Problem ->
Restate verbatim the span of lines below between the line with "Local Open Scope ring_scope." and the line with "(* x is in l^2(N)", including those two lines, and only that span.

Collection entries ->
(* Let $k\ge1$, $a_i,b_i,c_i\in\mathbb{C}$ ($1\le i\le k$) with $\prod_{j=1}^kc_j\neq0$ and $\prod_{j=1}^kb_j\neq0$, let $T(f)$ be the tridiagonal $k$-Toeplitz operator on $\ell^2(\mathbb{N})$ with symbol $f$, and let $\lambda\in\mathbb{C}\setminus\sigma_{ess}(T(f))$. If $\sum_{j=1}^k\operatorname{wind}(\lambda_j(\mathbb{T}),\lambda)<0$, then there exist an eigenvector $\mathbf{x}\in\ell^2$ of $T(f)$ with eigenvalue $\lambda$ and some $\rho<1$ such that $$\frac{|\mathbf{x}_j|}{\max_i|\mathbf{x}_i|}\le C\,\lceil j/k\rceil\,\rho^{\lceil j/k\rceil-1},\qquad j\ge1,$$ where $C>0$ is a constant depending only on $\lambda$ and $a_p,b_p,c_p$, $1\le p\le k$.
   Context: The tridiagonal $k$-Toeplitz operator $T(f)$ on $\ell^2(\mathbb{N})$ has matrix entries $(i,i)=a_{p(i)}$, $(i,i+1)=b_{p(i)}$, $(i+1,i)=c_{p(i)}$, $p(i)=((i-1)\bmod k)+1$, all other entries zero. Its symbol is $f(z)=A_{-1}z^{-1}+A_0+A_1z$, where $A_0$ is the $k\times k$ tridiagonal matrix with diagonal $a_1,\dots,a_k$, superdiagonal $b_1,\dots,b_{k-1}$, subdiagonal $c_1,\dots,c_{k-1}$; $A_{-1}$ has single nonzero entry $b_k$ at $(k,1)$; $A_1$ has single nonzero entry $c_k$ at $(1,k)$. $\mathbb{T}$ is the unit circle. $\sigma_{ess}(T(f))$ is the set of $\lambda$ with $T(f)-\lambda I$ not Fredholm. With $\lambda_1(z),\dots,\lambda_k(z)$ the eigenvalues of $f(z)$, $\sum_j\operatorname{wind}(\lambda_j(\mathbb{T}),\lambda)$ denotes the winding number about $0$ of $z\mapsto\det(f(z)-\lambda I)=\prod_j(\lambda_j(z)-\lambda)$ as $z$ traverses $\mathbb{T}$ counterclockwise. *)

From HB Require Import structures.
From mathcomp Require Import all_boot all_order all_algebra.
From mathcomp Require Import all_classical all_reals all_analysis.
From mathcomp Require Import complex.
Set Implicit Arguments. Unset Strict Implicit. Unset Printing Implicit Defensive.
Import Order.TTheory GRing.Theory Num.Theory numFieldNormedType.Exports.
Local Open Scope ring_scope.
Local Open Scope classical_set_scope.

Definition cabs (R : realType) (z : R[i]) : R := ComplexField.Normc.normc z.

Definition expi (R : realType) (t : R) : R[i] := Complex (cos t) (sin t).

(* x is in l^2(N) (indices shifted: x n is the (n+1)-th coordinate) *)
Definition l2 (R : realType) (x : nat -> R[i]) : Prop :=
  (\sum_(n <oo) ((cabs (x n)) ^+ 2)%:E < +oo)%E.

Definition l2_cvg (R : realType) (y : nat -> nat -> R[i]) (x : nat -> R[i]) : Prop :=
  (fun m => (\sum_(n <oo) ((cabs (y m n - x n)) ^+ 2)%:E)%E) @ \oo --> 0%E.

Definition lin_comb (R : realType) (s : seq (nat -> R[i])) (coef : nat -> R[i])
  : nat -> R[i] :=
  fun n => \sum_(i < size s) coef i * nth (fun _ => 0) s i n.

(* Fredholm operator on l^2(N): finite-dimensional kernel, closed range,
   finite-dimensional cokernel. *)
Definition fredholm (R : realType) (L : (nat -> R[i]) -> (nat -> R[i])) : Prop :=
  [/\ (exists s : seq (nat -> R[i]), (forall i, (i < size s)%N -> l2 (nth (fun _ => 0) s i)) /\
         forall x, l2 x -> L x = (fun _ => 0) -> exists coef, x = lin_comb s coef),
      (forall (xs : nat -> nat -> R[i]) (y : nat -> R[i]),
         (forall m, l2 (xs m)) -> l2 y -> l2_cvg (fun m => L (xs m)) y ->
         exists x, l2 x /\ L x = y) &
      (exists s : seq (nat -> R[i]), (forall i, (i < size s)%N -> l2 (nth (fun _ => 0) s i)) /\
         forall y, l2 y -> exists x coef, l2 x /\ y = (fun n => L x n + lin_comb s coef n))].

Definition ess_spectrum (R : realType) (L : (nat -> R[i]) -> (nat -> R[i])) (lam : R[i])
  : Prop := ~ fredholm (fun x n => L x n - lam * x n).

Task response ->
Local Open Scope ring_scope.
Local Open Scope classical_set_scope.

Definition cabs (R : realType) (z : R[i]) : R := ComplexField.Normc.normc z.

Definition expi (R : realType) (t : R) : R[i] := Complex (cos t) (sin t).

(* x is in l^2(N) (indices shifted: x n is the (n+1)-th coordinate) *)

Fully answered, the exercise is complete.